After deploying the pipeline and running it for a month:

MetricBeforeAfterChange
Vectors in DB (3 months)7.8M1.2M-84.6%
Embedding API calls/month~2.5M~400K-84%
Vector DB storage~31 GB~5 GB-83.9%
RAG retrieval quality3.1/54.4/5+41.9%
Ingestion pipeline time/night~4.5 hrs~5.2 hrs+15.6%

The pipeline time increased slightly because of the MinHash computation overhead. That was an acceptable trade-off — 45 extra minutes per nightly run in exchange for an 84% reduction in downstream resource consumption.

The qualitative improvement was even more dramatic. Analysts stopped getting "echo answers." The RBI circular problem — the one that started this whole project — completely disappeared. When a client asked about a specific notification, they got exactly one clean, authoritative answer sourced from the original issuing body.

The vector database went from requiring a scaled cluster to running comfortably on a single modest instance. Embedding API token consumption dropped by roughly 5×.


Lessons Learned

Three things I'd tell anyone building a RAG pipeline on Indian data:

1. Deduplicate before you embed, not after. The cheapest embedding is the one you never compute. The cheapest vector is the one you never store. Push deduplication as far upstream as possible.

2. Fuzzy dedup is non-negotiable in India. The PIB mirror problem, the PTI wire problem, and the government OCR problem form a trifecta that makes exact hashing nearly useless. It catches less than 20% of actual redundancy.

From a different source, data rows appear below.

(* Under the standing assumptions below, let $\gamma>0$ and let $\{(y^t,z^t,x^t)\}$ be generated by the PR splitting iteration. Then there exists $\kappa>0$ (depending only on $\gamma$ and $L$) such that for all $t\ge1$, \[ \operatorname{dist}\big(0,\partial\mathcal{P}_\gamma(y^t,z^t,x^t)\big)\le\kappa\|y^{t+1}-y^t\| . \]
   Context: Standing assumptions: $f:\mathbb{R}^n\to\mathbb{R}$ is differentiable and strongly convex with modulus at least $\sigma>0$, and $\nabla f$ is Lipschitz continuous with modulus at most $L>0$. The function $g:\mathbb{R}^n\to(-\infty,\infty]$ is proper and lower semicontinuous, and for the $\gamma>0$ used, $\operatorname{Argmin}_u\{\gamma g(u)+\frac12\|u-w\|^2\}$ is nonempty for every $w\in\mathbb{R}^n$. PR splitting iteration: given $x^0$ and $\gamma>0$, for $t=0,1,2,\dots$: $y^{t+1}=\operatorname{argmin}_y\{f(y)+\frac{1}{2\gamma}\|y-x^t\|^2\}$; $z^{t+1}\in\operatorname{Argmin}_z\{g(z)+\frac{1}{2\gamma}\|2y^{t+1}-x^t-z\|^2\}$; $x^{t+1}=x^t+2(z^{t+1}-y^{t+1})$. Merit function: $\mathcal{P}_\gamma(y,z,x):=f(y)+g(z)-\frac{3}{2\gamma}\|y-z\|^2+\frac{1}{\gamma}\langle x-y,z-y\rangle$, regarded as a function on $\mathbb{R}^n\times\mathbb{R}^n\times\mathbb{R}^n$; $\partial\mathcal{P}_\gamma$ is its limiting subdifferential: $v\in\partial h(x)$ iff there exist $x^t\to x$ with $h(x^t)\to h(x)$ and $v^t\to v$ such that $\liminf_{z\to x^t, z\ne x^t}\frac{h(z)-h(x^t)-\langle v^t,z-x^t\rangle}{\|z-x^t\|}\ge0$ for each $t$. *)

From Stdlib Require Import Reals Lra.
From mathcomp Require Import all_boot.
Set Implicit Arguments. Unset Strict Implicit. Unset Printing Implicit Defensive.
Open Scope R_scope.

Definition vec (n : nat) := 'I_n -> R.
Definition vadd n (x y : vec n) : vec n := fun i => x i + y i.
Definition vsub n (x y : vec n) : vec n := fun i => x i - y i.
Definition vscal n (a : R) (x : vec n) : vec n := fun i => a * x i.
Definition vzero n : vec n := fun _ => 0.
Definition inner n (x y : vec n) : R := \big[Rplus/0]_(i < n) (x i * y i).
Definition norm n (x : vec n) : R := sqrt (inner x x).

Inductive ER := Fin (r : R) | PInf.
Definition ER_le (a b : ER) : Prop :=
  match a, b with
  | _, PInf => True
  | PInf, Fin _ => False
  | Fin x, Fin y => x <= y
  end.
Definition ER_gt (e : ER) (r : R) : Prop :=
  match e with Fin a => r < a | PInf => True end.
Definition ER_addR (e : ER) (r : R) : ER :=
  match e with Fin a => Fin (a + r) | PInf => PInf end.
Definition ER_scal (c : R) (e : ER) : ER :=
  match e with Fin a => Fin (c * a) | PInf => PInf end.

Definition has_gradient n (f : vec n -> R) (gf : vec n -> vec n) : Prop :=
  forall x eps, 0 < eps -> exists delta, 0 < delta /\
    forall z, norm (vsub z x) < delta ->
      Rabs (f z - f x - inner (gf x) (vsub z x)) <= eps * norm (vsub z x).

Definition strongly_convex n (f : vec n -> R) (sigma : R) : Prop :=
  forall x y lam, 0 <= lam <= 1 ->
    f (vadd (vscal lam x) (vscal (1 - lam) y))
      <= lam * f x + (1 - lam) * f y
         - sigma / 2 * lam * (1 - lam) * (norm (vsub x y)) ^ 2.

Definition lipschitz n (F : vec n -> vec n) (L : R) : Prop :=
  forall x y, norm (vsub (F x) (F y)) <= L * norm (vsub x y).

Definition proper_ER n (g : vec n -> ER) : Prop := exists x r, g x = Fin r.
Definition lsc n (g : vec n -> ER) : Prop :=
  forall x r, ER_gt (g x) r -> exists delta, 0 < delta /\
    forall z, norm (vsub z x) < delta -> ER_gt (g z) r.

Definition is_argmin n (h : vec n -> ER) (u : vec n) : Prop :=
  forall u', ER_le (h u) (h u').
Definition is_argminR n (h : vec n -> R) (u : vec n) : Prop :=
  forall u', h u <= h u'.

Definition prox_obj n (g : vec n -> ER) (gamma : R) (w : vec n) (u : vec n) : ER :=
  ER_addR (ER_scal gamma (g u)) (/ 2 * (norm (vsub u w)) ^ 2).

Definition PR_iter n (f : vec n -> R) (g : vec n -> ER) (gamma : R)
    (y z x : nat -> vec n) : Prop :=
  forall t,
    is_argminR (fun v => f v + / (2 * gamma) * (norm (vsub v (x t))) ^ 2) (y t.+1)
    /\ is_argmin (fun w => ER_addR (g w)
           (/ (2 * gamma) * (norm (vsub (vsub (vscal 2 (y t.+1)) (x t)) w)) ^ 2))
         (z t.+1)
    /\ x t.+1 = vadd (x t) (vscal 2 (vsub (z t.+1) (y t.+1))).

Definition trip n := (vec n * vec n * vec n)%type.
Definition tsub n (a b : trip n) : trip n :=
  (vsub a.1.1 b.1.1, vsub a.1.2 b.1.2, vsub a.2 b.2).
Definition tinner n (a b : trip n) : R :=
  inner a.1.1 b.1.1 + inner a.1.2 b.1.2 + inner a.2 b.2.
Definition tnorm n (a : trip n) : R := sqrt (tinner a a).

Definition tconv n (s : nat -> trip n) (a : trip n) : Prop :=
  forall eps, 0 < eps -> exists N, forall k, (N <= k)%nat -> tnorm (tsub (s k) a) < eps.
Definition Rconv (s : nat -> R) (a : R) : Prop :=
  forall eps, 0 < eps -> exists N, forall k, (N <= k)%nat -> Rabs (s k - a) < eps.

(** Frechet (regular) subgradient at a point of the domain:
    liminf_{w -> p, w <> p} (h w - h p - <v, w - p>) / ||w - p|| >= 0 *)
Definition frechet_subgrad n (h : trip n -> ER) (p v : trip n) : Prop :=
  exists hp, h p = Fin hp /\
  forall eps, 0 < eps -> exists delta, 0 < delta /\
    forall w, 0 < tnorm (tsub w p) < delta ->
      ER_le (Fin (hp + tinner v (tsub w p) - eps * tnorm (tsub w p))) (h w).

Definition limiting_subgrad n (h : trip n -> ER) (p v : trip n) : Prop :=
  exists (ps vs : nat -> trip n) (hps : nat -> R) (hp : R),
    h p = Fin hp /\
    tconv ps p /\ (forall k, h (ps k) = Fin (hps k)) /\ Rconv hps hp /\
    tconv vs v /\ (forall k, frechet_subgrad h (ps k) (vs k)).

(** dist(0, S) <= c, with inf over the empty set = +oo *)
Definition dist0_le n (S : trip n -> Prop) (c : R) : Prop :=
  forall eps, 0 < eps -> exists v, S v /\ tnorm v <= c + eps.

Definition Pgamma n (f : vec n -> R) (g : vec n -> ER) (gamma : R) (p : trip n) : ER :=
  let y := p.1.1 in let z := p.1.2 in let x := p.2 in
  ER_addR (g z)
    (f y - 3 / (2 * gamma) * (norm (vsub y z)) ^ 2
         + / gamma * inner (vsub x y) (vsub z y)).

From HB Require Import structures.
From Stdlib Require Import Reals Lra FunctionalExtensionality.
From mathcomp Require Import ssreflect ssrfun.
From mathcomp Require all_boot.

(* The y-update gives grad f(y^{t+1}) = (x^t - y^{t+1}) / gamma.  At the iterate
   (y, z, x) = (y^t, z^t, x^t) this makes the y-partial derivative of P_gamma vanish,
   and the prox inequality of the z-update, combined with the quadratic coupling
   terms of P_gamma, shows that v = (0, 2 (y - z) / gamma, (z - y) / gamma) is a
   Frechet, hence limiting, subgradient of P_gamma.  Subtracting the gradient
   identities at t and t + 1 gives
     2 (z^t - y^t) = gamma (grad f(y^{t+1}) - grad f(y^t)) + (y^{t+1} - y^t),
   so ||y^t - z^t|| is controlled by (gamma L + 1) ||y^{t+1} - y^t||, and
   ||v|| = sqrt 5 ||y^t - z^t|| / gamma gives kappa = 2 (gamma L + 1) / gamma. *)

Set Implicit Arguments. Unset Strict Implicit.
Open Scope R_scope.

(* all_boot is imported only locally: its nat notations would change how the
   statement of mainTheorem5 is parsed. *)
Module InnerSum.
Import all_boot.

HB.instance Definition _ := Monoid.isComLaw.Build R 0 Rplus
  (fun a b c => esym (Rplus_assoc a b c)) Rplus_comm Rplus_0_l.
Lemma Lambda_powR_of_energy_eq a mu z w : in_Pfin mu -> 1 <= a ->
  energy a mu = energy 1 mu -> mass mu z != 0 -> mass mu w != 0 ->
  Lambda z w `^ a = Lambda z w.
Proof.
move=> mu_Pfin a1 Ea z_mu w_mu.
have term_ge0 z' w' := proj1 (andP (mass_Lambda_powR_le z' w' mu_Pfin a1)).
move/eqP: Ea; rewrite eq_sym -subr_eq0 energy_subr mulf_eq0 invr_eq0 pnatr_eq0 /=.
rewrite psumr_eq0 => [/allP/(_ z (mass_supp z_mu))|z' _]; last first.
  by apply: sumr_ge0 => w' _; apply: term_ge0.
rewrite /= psumr_eq0 => [/allP/(_ w (mass_supp w_mu))|w' _]; last exact: term_ge0.
case: mu_Pfin => _ [mu_sphere _].
rewrite /= !mulf_eq0 (negbTE z_mu) (negbTE w_mu) subr_eq0 powRr1 => [/eqP //|].
by case/andP: (Lambda_ge0_le1 (mu_sphere _ z_mu) (mu_sphere _ w_mu)).
Qed.

End FiniteMeasures.

Section Maximizers.
Variables (R : realType) (d : nat).
Local Notation fmeas := (fmeas R d).
Variable P : fmeas -> Prop.
Hypothesis P_Pfin : forall mu, P mu -> in_Pfin mu.
Implicit Types (mu ref : fmeas) (a : R).

Lemma maximizes_energy_of_energy1 a mu : 1 <= a -> energy a mu = energy 1 mu ->
  maximizes P (energy 1) mu -> maximizes P (energy a) mu.
Proof.
move=> a1 Ea [P_mu max1]; split=> // nu P_nu.
by rewrite Ea; apply: le_trans (max1 _ P_nu); apply: energy_le_energy1 (P_Pfin P_nu) a1.
Qed.

(* Let [a] tend to [1] in [E_1 <= E_a + (a - 1) / 2]. *)
Lemma maximizes_energy1_of_energy mu :
  (forall a, 1 < a -> maximizes P (energy a) mu /\ energy a mu = energy 1 mu) ->
  maximizes P (energy 1) mu.
Proof.
move=> max_a; split=> [|nu P_nu]; first by case: (max_a 2) => [|[]//]; lra.
apply/ler_addgt0Pr => e e_gt0; have a1 : 1 < 1 + 2 * e by lra.
have [[_ max] Ea] := max_a _ a1.
have := energy1_le_energy (P_Pfin P_nu) (ltW a1); have := max _ P_nu; lra.
Qed.

Lemma maximizer_energy_eq a mu ref : 1 <= a -> energy a ref = energy 1 ref ->
  maximizes P (energy 1) ref -> maximizes P (energy a) mu ->
  energy a mu = energy 1 mu /\ energy 1 mu = energy 1 ref.
Proof.
move=> a1 Ea_ref [P_ref max1] [P_mu maxa].
have := energy_le_energy1 (P_Pfin P_mu) a1; have := max1 _ P_mu; have := maxa _ P_ref.
by rewrite Ea_ref; lra.
Qed.

Variable Q : fmeas -> Prop.
Hypothesis Q_energy : forall mu, Q mu -> forall a, 0 < a -> energy a mu = energy 1 mu.

Lemma maximizers_iff ref : Q ref ->
  (forall a mu, 1 < a -> P mu -> energy a mu = energy 1 mu ->
     energy 1 mu = energy 1 ref -> Q mu) ->
  (forall mu, Q mu -> maximizes P (energy 1) mu) <->
  (forall a, 1 < a -> forall mu, maximizes P (energy a) mu <-> Q mu).
Proof.
move=> Q_ref rigid; split=> [max1 a a1 mu|maxa mu Q_mu].
  have a_gt0 : 0 < a by apply: lt_trans a1.
  split=> [maxa|Q_mu].
    have [Ea E1] := maximizer_energy_eq (ltW a1) (Q_energy Q_ref a_gt0) (max1 _ Q_ref) maxa.
    exact: rigid a1 maxa.1 Ea E1.
  exact: maximizes_energy_of_energy1 (ltW a1) (Q_energy Q_mu a_gt0) (max1 _ Q_mu).
apply: maximizes_energy1_of_energy => a a1; split; first exact/maxa.
by apply: Q_energy; rewrite // (lt_trans ltr01).
Qed.

End Maximizers.

Section Axes.
Variables (R : realType) (d : nat).
Local Notation vec := (vec R d).
Implicit Types (us s : seq vec) (u w z : vec).

Definition orthonormal_seq us := [/\ uniq us, {in us, forall u, on_sphere u} &
  {in us &, forall u w, u != w -> dot u w = 0}].

Definition seq_mx us : 'M[R]_(size us, d.+1) := \matrix_(i, k) (nth 0 us i) 0 k.

Lemma seq_mx_dot us w j : (w *m (seq_mx us)^T) 0 j = dot w (nth 0 us j).
Proof. by rewrite !mxE; apply: eq_bigr => k _; rewrite !mxE. Qed.

Lemma orthonormal_seq_nth us (i j : nat) : orthonormal_seq us ->
  (i < size us)%N -> (j < size us)%N -> dot (nth 0 us i) (nth 0 us j) = (i == j)%:R.
Proof.
move=> [us_uniq us_sphere us_orth] ius jus; have [<-|ij] := eqVneq i j.
  by apply: us_sphere; rewrite mem_nth.
by apply: us_orth; rewrite ?mem_nth ?nth_uniq.
Qed.

Lemma orthonormal_seq_size us : orthonormal_seq us -> (size us <= d.+1)%N.
Proof.
move=> us_on; have gram : seq_mx us *m (seq_mx us)^T = 1%:M.
  apply/matrixP => i j; rewrite !mxE -(orthonormal_seq_nth us_on (ltn_ord i) (ltn_ord j)).
  by apply: eq_bigr => k _; rewrite !mxE.
have := mxrankM_maxl (seq_mx us) (seq_mx us)^T; rewrite gram mxrank1 => size_le.
exact: leq_trans size_le (rank_leq_col _).
Qed.
Lemma tle_parent m : m != r -> exists p, [/\ t p m, tle p m & p != m].
Proof.
move=> nmr; set P := root_path m; set j := index m P.
have [P0 hP _ uP sP] := root_pathP m.
have rP : index r P = 0.
  by move: P0 hP; rewrite /P; case: (root_path m) => //= z s _ ->; rewrite eqxx.
have j0 : 0 < j by rewrite -rP (lt_index (tle_root m) (tle_refl m) (tle_root m)) // eq_sym.
have hj : j < size P by rewrite index_mem; exact: tle_refl.
have mP : m \in P := tle_refl m.
exists (nth r P j.-1); split.
- rewrite -[X in t _ X](nth_index r mP) -/j.
  by have /(sortedP r)/(_ j.-1) := sP; rewrite prednK //; apply.
- by apply: mem_nth; apply: leq_ltn_trans hj; exact: leq_pred.
- by rewrite -[X in _ != X](nth_index r mP) nth_uniq ?(leq_ltn_trans (leq_pred j)) // -/j; lia.
Qed.

Lemma exists_above x : 1 < tdeg t x -> exists2 d, tle x d & d != x.
Proof.
move=> deg; case: (boolP [exists d, tle x d && (d != x)]) => [/existsP[d /andP[]]|none].
  by exists d.
suff : tdeg t x <= 1 by rewrite leqNgt deg.
have below y : t x y -> tle y x /\ y != x.
  move=> txy; have nyx : y != x by apply: contraTneq txy => ->; rewrite tirr.
  split=> //; case/orP: (tle_adj txy) => // xy.
  by case/negP: none; apply/existsP; exists y; rewrite xy nyx.
apply/card_le1_eqP => p p'; rewrite !inE => txp txp'.
have [px npx] := below p txp; have [p'x np'x] := below p' txp'.
by apply: (tle_parent_unique (x := x)); rewrite 1?tsym.
Qed.
Lemma lmulC a b : lseq (lmul a b) (lmul b a).
Proof.
move=> k; have [n /(_ n (leqnn n)) Hn] := exists_window (ltop a) (k - ltop b).
rewrite (@coef_lmul a b k (ltop a) n) ?lexx //.
rewrite (@coef_lmul b a k (k - ltop a + n%:Z - 1) n); [|lia|lia].
rewrite /window_sum (reindex_inj rev_ord_inj) /=; apply: eq_bigr => t _.
rewrite /cauchy_term mulrC; have := ltn_ord t => Ht.
by congr (coef _ _ * coef _ _); lia.
Qed.

Lemma lmulA a b c : lseq (lmul a (lmul b c)) (lmul (lmul a b) c).
Proof.
move=> k; set ta := ltop a; set tb := ltop b; set tc := ltop c.
have [n /(_ n (leqnn n)) Hn] := exists_window (ta + tb) (k - tc).
have [m1 Hm1] := exists_window ta (ta + tb - n%:Z - tb).
have [m2 Hm2] := exists_window ta (k - (tb + tc)).
have {}Hm1 := Hm1 _ (leq_addr m2 m1); have {}Hm2 := Hm2 _ (leq_addl m1 m2).
rewrite (@coef_lmul a (lmul b c) k ta (m1 + m2)) ?lexx //.
rewrite (@coef_lmul (lmul a b) c k (ta + tb) n) ?lexx //.
have inner : forall s : 'I_n, cauchy_term (lmul a b) c k (ta + tb - s%:Z) =
    \sum_(t < m1 + m2) coef a (ta - t%:Z) * coef b (ta + tb - s%:Z - (ta - t%:Z))
                       * coef c (k - (ta + tb - s%:Z)).
  move=> s; rewrite /cauchy_term (@coef_lmul a b _ ta (m1 + m2)) ?lexx //; last by have := ltn_ord s; lia.
  by rewrite /window_sum mulr_suml.
rewrite /window_sum (eq_bigr _ (fun s _ => inner s)) exchange_big /=.
apply: eq_bigr => t _; rewrite /cauchy_term (@coef_lmul b c _ (tb + t%:Z) n); [|lia|lia].
rewrite /window_sum mulr_sumr; apply: eq_bigr => s _.
by rewrite /cauchy_term mulrA; congr (_ * coef _ _ * coef _ _); lia.
Qed.

Lemma lmulDl a b c : lseq (lmul (ladd a b) c) (ladd (lmul a c) (lmul b c)).
Proof.
move=> k; rewrite coef_ladd; set hi := ltop (ladd a b).
have [n /(_ n (leqnn n)) Hn] := exists_window hi (k - ltop c).
have Ha : ltop a <= hi by rewrite /= le_max lexx.
have Hb : ltop b <= hi by rewrite /= le_max lexx orbT.
rewrite (@coef_lmul (ladd a b) c k hi n) ?lexx // (@coef_lmul a c k hi n) //.
rewrite (@coef_lmul b c k hi n) // /window_sum -big_split /=.
by apply: eq_bigr => t _; rewrite /cauchy_term coef_ladd mulrDl.
Qed.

3. Source authority matters. Don't just delete duplicates blindly. Keep the one from the most authoritative source (RBI.org over a Mint article about an RBI circular) and maintain full provenance. Your analysts need to trust the source, not just the content.


What's Next

This pipeline solved the immediate problem, but there's more to explore:

  • Cross-lingual deduplication — the same government announcement in Hindi, English, and regional languages is semantically identical but textually unrelated. MinHash won't catch this. Embedding-based approaches (applied after MinHash prunes the obvious duplicates) could handle this as a second stage.
  • Incremental MinHash — when a government circular gets revised (not duplicated), we want to update the canonical document, not treat the revision as a duplicate. Detecting updates vs. duplicates is a nuanced problem.
  • Real-time dedup — moving from nightly batch processing to a streaming pipeline that deduplicates at crawl time. Redis Streams + MinHash could make this feasible.

If you're building RAG in India, you're building on a firehose of beautifully redundant data. The question isn't whether you need a dedup layer — it's how many GPU hours and API calls you'll burn before you build one.